Receptor Binding Domain of the SARS-CoV-2 Spike Protein

We explored the molecular structure and evolutionary pattern of the RBD, a critical element for coronavirus infection, during the COVID-19 transmission course. We observed that three amino acid substitutions within the RBD (V367F, G476S, and V483A) were identified, whose impacts in predicted cell epitope were different. Of note, G476S shortened a linear B cell epitope length and even abolished the discontinuous B cell epitope. V367F decreased the peptide binding affinity for the HLA-B35:01 allele, whereas V483A had no effect on either cell epitope. With three O-linked glycosylation sites adjacent to the domain, the evolutionary glycosylation pattern remained conserved.

Discussion

In this study, we explored the evolutionary pattern including cell epitopes and glycosylation on the SARS-CoV-2 S protein during the global transmission course. We identified 18 S protein variations and explored their potential impacts on cell epitopes. To our knowledge, this is the first comparative study analyzing immune epitopes and glycosylation of SARS-CoV-2 variants.

According to the analysis of all sequences classified by transmission course and region, confirmed COVID-19 cases were concentrated in Asia during the early stage of epidemic, and then spread to Europe and North America.

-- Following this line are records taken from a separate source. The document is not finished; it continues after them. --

(* Let $H=\frac12(y_1^2+y_2^2)-(x_1^2+x_2^2)+(x_1^2+x_2^2)^2$ on $\mathbb{R}^4$ with symplectic form $dx_1\wedge dy_1+dx_2\wedge dy_2$. Introduce symplectic coordinates $(q_1,q_2,p_1,p_2)$ by first rescaling $x_{j}\to 2^{-1/4}x_{j}$, $y_{j}\to 2^{1/4}y_{j}$ ($j=1,2$), and then setting $x_j=\frac{1}{\sqrt2}(q_j-p_j)$, $y_j=\frac{1}{\sqrt2}(q_j+p_j)$. In these coordinates $H=\sqrt2\,J_1+\frac18\left(q_1^2+q_2^2+p_1^2+p_2^2-2J_1\right)^2$, where $J_1=q_1p_1+q_2p_2$ and $J_2=q_1p_2-q_2p_1$ (the latter being the angular momentum $x_1y_2-x_2y_1$). Then the Birkhoff normal form of $H$ at the focus-focus equilibrium $(0,0)$ is the function of $(J_1,J_2)$ $$\overline{H}=\sqrt2\,J_1+\frac14(3J_1^2+J_2^2)-\frac{\sqrt2}{32}J_1(17J_1^2+9J_2^2)+\frac{1}{256}(375J_1^4+258J_1^2J_2^2+11J_2^4)-\frac{\sqrt2}{4096}J_1(10689J_1^4+8910J_1^2J_2^2+909J_2^4)+O(J^6).$$
   Context: The Birkhoff normal form here means: there is a near-identity symplectic change of variables (generated by Lie series in the Deprit formalism, with the quadratic part $H_2=\sqrt2 J_1$ fixed) after which the Hamiltonian, written in the new coordinates $(q,p)$, depends only on $J_1=q_1p_1+q_2p_2$ and $J_2=q_1p_2-q_2p_1$, i.e. Poisson commutes with $J_1$ and $J_2$. The normal form is unique for this normalization. $O(J^6)$ denotes terms homogeneous of degree at least $6$ in the phase space variables (degree at least $3$ in $(J_1,J_2)$ beyond those displayed). *)

(* multivariate polynomials (multinomials' mpoly) over a
   real closed field R (so that sqrt 2 and 2^(1/4) exist). *)
From mathcomp Require Import all_boot all_algebra.
From mathcomp Require Import mpoly.
Set Implicit Arguments. Unset Strict Implicit. Unset Printing Implicit Defensive.
Import GRing.Theory Num.Theory.
Local Open Scope ring_scope.

Section BNF.
Variable R : rcfType.

Definition v0 : 'I_4 := @Ordinal 4 0 isT.
Definition v1 : 'I_4 := @Ordinal 4 1 isT.
Definition v2 : 'I_4 := @Ordinal 4 2 isT.
Definition v3 : 'I_4 := @Ordinal 4 3 isT.

(* In the (q,p) chart: X_0 = q1, X_1 = q2, X_2 = p1, X_3 = p2.
   In the original chart: X_0 = x1, X_1 = x2, X_2 = y1, X_3 = y2. *)
Definition q1 : {mpoly R[4]} := 'X_v0.
Definition q2 : {mpoly R[4]} := 'X_v1.
Definition p1 : {mpoly R[4]} := 'X_v2.
Definition p2 : {mpoly R[4]} := 'X_v3.

Definition sqrt2 : R := Num.sqrt 2.
Definition root4_2 : R := Num.sqrt (Num.sqrt 2).

Definition Hxy : {mpoly R[4]} :=
  let x1 := 'X_v0 in let x2 := 'X_v1 in let y1 := 'X_v2 in let y2 := 'X_v3 in
  (2%:R^-1)%:MP * (y1 ^+ 2 + y2 ^+ 2) - (x1 ^+ 2 + x2 ^+ 2)
  + (x1 ^+ 2 + x2 ^+ 2) ^+ 2.

(* Coordinate change: x_j -> 2^(-1/4) x_j, y_j -> 2^(1/4) y_j, then
   x_j = (q_j - p_j)/sqrt2, y_j = (q_j + p_j)/sqrt2.  The old variables
   expressed in the new ones (x1, x2, y1, y2 in this order): *)
Definition chg : 4.-tuple {mpoly R[4]} :=
  [tuple (root4_2^-1 / sqrt2)%:MP * (q1 - p1);
         (root4_2^-1 / sqrt2)%:MP * (q2 - p2);
         (root4_2 / sqrt2)%:MP * (q1 + p1);
         (root4_2 / sqrt2)%:MP * (q2 + p2)].

Definition J1 : {mpoly R[4]} := q1 * p1 + q2 * p2.
Definition J2 : {mpoly R[4]} := q1 * p2 - q2 * p1.

Definition Hqp : {mpoly R[4]} :=
  sqrt2%:MP * J1
  + (8%:R^-1)%:MP * (q1 ^+ 2 + q2 ^+ 2 + p1 ^+ 2 + p2 ^+ 2 - 2%:R%:MP * J1) ^+ 2.

Definition pbracket (f g : {mpoly R[4]}) : {mpoly R[4]} :=
  mderiv v0 f * mderiv v2 g - mderiv v2 f * mderiv v0 g
  + (mderiv v1 f * mderiv v3 g - mderiv v3 f * mderiv v1 g).

(* Truncated Lie series exp(L_W) H = sum_{k<N} 1/k! {..{H,W},..,W}
   (Deprit formalism: H composed with the time-one flow of W). *)
Definition lie_series (W H : {mpoly R[4]}) (N : nat) : {mpoly R[4]} :=
  \sum_(k < N) (k`!%:R^-1) *: iter k (fun f => pbracket f W) H.

Definition ord_ge (d : nat) (p : {mpoly R[4]}) : Prop :=
  forall m : 'X_{1..4}, (mdeg m < d)%N -> p@_m = 0.

Definition Hbar : {mpoly R[4]} :=
  sqrt2%:MP * J1
  + (4%:R^-1)%:MP * (3%:R%:MP * J1 ^+ 2 + J2 ^+ 2)
  - (sqrt2 / 32%:R)%:MP * J1 * (17%:R%:MP * J1 ^+ 2 + 9%:R%:MP * J2 ^+ 2)
  + (256%:R^-1)%:MP * (375%:R%:MP * J1 ^+ 4 + 258%:R%:MP * J1 ^+ 2 * J2 ^+ 2
                        + 11%:R%:MP * J2 ^+ 4)
  - (sqrt2 / 4096%:R)%:MP * J1 * (10689%:R%:MP * J1 ^+ 4
                        + 8910%:R%:MP * J1 ^+ 2 * J2 ^+ 2 + 909%:R%:MP * J2 ^+ 4).

End BNF.

From Stdlib Require Import ZArith QArith.
From HB Require Import structures.
From mathcomp Require Import all_boot all_algebra mpoly.
From mathcomp Require Import ssrZ zify ring.
From mathcomp.algebra_tactics Require Import common.
Set Implicit Arguments. Unset Strict Implicit. Unset Printing Implicit Defensive.
Import GRing.Theory Num.Theory.
Local Open Scope ring_scope.

(** In the new variables the two quadratic forms of H pull back to
    x1^2 + x2^2 = (sqrt2/4) (S - 2 J1) and y1^2 + y2^2 = (sqrt2/2) (S + 2 J1),
    where S = q1^2 + q2^2 + p1^2 + p2^2; this gives the formula for H in the
    (q,p) chart.

    For the normal form we exhibit the Deprit generator W, which turns out to
    be (q1^2 + q2^2 - p1^2 - p2^2) times a polynomial in S, J1 and J2, and check
    that exp(L_W) H agrees with the displayed function up to order 12. Since W
    vanishes to order 3, bracketing with W raises the order of vanishing, so an
    error of order 12 in an iterated bracket stays of order 12 in the next one:
    all brackets may be computed modulo monomials of degree >= 12. That
    truncated computation is carried out by reflection, on sparse polynomials
    with coefficients in Q(sqrt 2). *)

(** * The coordinate change *)

Lemma sqrt2_sqr (R : rcfType) : sqrt2 R ^+ 2 = 2.
Proof. by rewrite sqr_sqrtr ?ler0n. Qed.

Lemma comp_mpolyM (n k : nat) (R : comRingType) (lq : n.-tuple {mpoly R[k]})
    (p q : {mpoly R[n]}) :
  (p * q) \mPo lq = (p \mPo lq) * (q \mPo lq).
Proof. exact: rmorphM. Qed.

Lemma comp_mpolyXn (n k : nat) (R : comRingType) (lq : n.-tuple {mpoly R[k]})
    (p : {mpoly R[n]}) e :
  (p ^+ e) \mPo lq = (p \mPo lq) ^+ e.
Proof. exact: rmorphXn. Qed.

Definition sqnorm (R : rcfType) : {mpoly R[4]} :=
  q1 R ^+ 2 + q2 R ^+ 2 + p1 R ^+ 2 + p2 R ^+ 2.

Section CoordinateChange.
Variable R : rcfType.

Let u : {mpoly R[4]} := (sqrt2 R / 4)%:MP.

Lemma sqrt2_neq0 : sqrt2 R != 0.
Proof. by rewrite lt0r_neq0 // sqrtr_gt0 ltr0n. Qed.

Lemma root4_2_sqr : root4_2 R ^+ 2 = sqrt2 R.
Proof. by rewrite sqr_sqrtr ?sqrtr_ge0. Qed.

Lemma comp_chg_sqr (i : 'I_4) : ('X_i ^+ 2) \mPo chg R = (chg R)`_i ^+ 2.
Proof. by rewrite comp_mpolyXn comp_mpolyXU. Qed.

Lemma comp_chg_x :
  ('X_v0 ^+ 2 + 'X_v1 ^+ 2) \mPo chg R = u * (sqnorm R - 2%:R%:MP * J1 R).
Proof.
have c2 : ((root4_2 R)^-1 / sqrt2 R) ^+ 2 = sqrt2 R / 4.
  by rewrite expr_div_n exprVn root4_2_sqr; field: (sqrt2_sqr R); rewrite sqrt2_neq0.
rewrite comp_mpolyD !comp_chg_sqr /= !exprMn -!rmorphXn c2 -mulrDr.
by rewrite /sqnorm /J1 /q1 /q2 /p1 /p2; congr (_ * _); ring.
Qed.

Lemma comp_chg_y :
  ('X_v2 ^+ 2 + 'X_v3 ^+ 2) \mPo chg R = 2%:R%:MP * (u * (sqnorm R + 2%:R%:MP * J1 R)).
Proof.
have d2 : (root4_2 R / sqrt2 R) ^+ 2 = 2 * (sqrt2 R / 4).
  by rewrite expr_div_n root4_2_sqr; field: (sqrt2_sqr R); rewrite sqrt2_neq0.
rewrite comp_mpolyD !comp_chg_sqr /= !exprMn -!rmorphXn d2 rmorphM -mulrDr -mulrA.
by rewrite /sqnorm /J1 /q1 /q2 /p1 /p2; congr (_ * (_ * _)); ring.
Qed.

Lemma Hxy_chg : Hxy R \mPo chg R = Hqp R.
Proof.
have u2 : u ^+ 2 = (8%:R^-1)%:MP.
  by rewrite -rmorphXn expr_div_n sqrt2_sqr; congr _%:MP; field.
have u4 : 4%:R%:MP * u = (sqrt2 R)%:MP by rewrite -rmorphM; congr _%:MP; field.
rewrite /Hxy /= comp_mpolyD comp_mpolyB comp_mpolyM comp_mpolyXn comp_mpolyC.
rewrite comp_chg_x comp_chg_y /Hqp -/(sqnorm R) [(2%:R^-1)%:MP * _]mulrA -rmorphM.
rewrite mulVf ?pnatr_eq0 // mul1r exprMn u2 -[(sqrt2 R)%:MP]u4; ring.
Qed.

End CoordinateChange.

(** * Arithmetic in Q(sqrt 2) *)

(** [QSqrt2 a b] stands for [a + b * sqrt 2]. *)
Record qsqrt2 := QSqrt2 { qs_rat : Q; qs_irr : Q }.

Lemma qsqrt2_comparable : comparable qsqrt2.
Proof.
rewrite /comparable /decidable; do 2!decide equality.
all: solve [exact: Pos.eq_dec | exact: Z.eq_dec].
Qed.

HB.instance Definition _ := comparableMixin qsqrt2_comparable.

Definition qs_add (x y : qsqrt2) : qsqrt2 :=
  QSqrt2 (Qred (qs_rat x + qs_rat y)) (Qred (qs_irr x + qs_irr y)).

Definition qs_mul (x y : qsqrt2) : qsqrt2 :=
  QSqrt2 (Qred (qs_rat x * qs_rat y + 2 * (qs_irr x * qs_irr y)))
         (Qred (qs_rat x * qs_irr y + qs_irr x * qs_rat y)).

Definition qs_eq0 (x : qsqrt2) : bool :=
  Qeq_bool (qs_rat x) 0 && Qeq_bool (qs_irr x) 0.

Definition qs_nat (k : nat) : qsqrt2 := QSqrt2 (Z.of_nat k # 1) 0.
Definition qs_pos (k : positive) : qsqrt2 := QSqrt2 (Zpos k # 1) 0.
Definition qs_inv_pos (k : positive) : qsqrt2 := QSqrt2 (1 # k) 0.
Definition qs_sqrt2 : qsqrt2 := QSqrt2 0 1.
Definition qs_sqrt2_div (k : positive) : qsqrt2 := QSqrt2 0 (1 # k).

Fixpoint pos_fact (k : nat) : positive :=
  if k is k'.+1 then (Pos.of_succ_nat k' * pos_fact k')%positive else 1%positive.

Definition qs_inv_fact (k : nat) : qsqrt2 := QSqrt2 (1 # pos_fact k) 0.

Section Qsqrt2Embedding.
Variable R : rcfType.

Definition qs2R (x : qsqrt2) : R := R_of_Q (qs_rat x) + R_of_Q (qs_irr x) * sqrt2 R.

Lemma qs2RE a b : qs2R (QSqrt2 a b) = R_of_Q a + R_of_Q b * sqrt2 R.
Proof. by []. Qed.

Lemma R_of_Q_Qeq (x y : Q) : Qeq x y -> R_of_Q x = R_of_Q y :> R.
Proof.
case: x y => [a p] [b q]; rewrite /Qeq /R_of_Q /= => eq_ab.
have pos_neq0 (r : positive) : (Pos.to_nat r)%:R != 0 :> R by rewrite pnatr_eq0; lia.
apply/eqP; rewrite eqr_div ?pos_neq0 // !pmulrn -!intrM.
by apply/eqP; congr _%:~R; lia.
Qed.

Lemma R_of_Q_red (x : Q) : R_of_Q (Qred x) = R_of_Q x :> R.
Proof. exact/R_of_Q_Qeq/Qred_correct. Qed.

Lemma qs2R_add x y : qs2R (qs_add x y) = qs2R x + qs2R y.
Proof.
by rewrite /qs2R; cbn [qs_rat qs_irr qs_add]; rewrite !R_of_Q_red !R_of_Q_add; ring.
Qed.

The rapid global spread of the virus provided opportunities for natural selection and to develop favorable variations facilitated transmission. Up to now, there has been limited variations on SARS-CoV-2 S protein detected, which is consistent with the results of published studies. An error-prone reverse transcription in RNA virus life circle usually drives nucleotide and amino acid substitutions in the genome, and viral evolution is also impacted by pressure from host immune response. For SARS-CoV-2, variations were also driven by this two factors, especially some amino acid substitutions had altered cell epitopes. In addition, acute transmission maybe one reason for the limited number of variations. During the pandemic, rapid transmission of SARS-CoV-2, together with lower immune response (compared with SARS-CoV) in the host may not provide enough time and selection pressure for the virus to evolve quickly.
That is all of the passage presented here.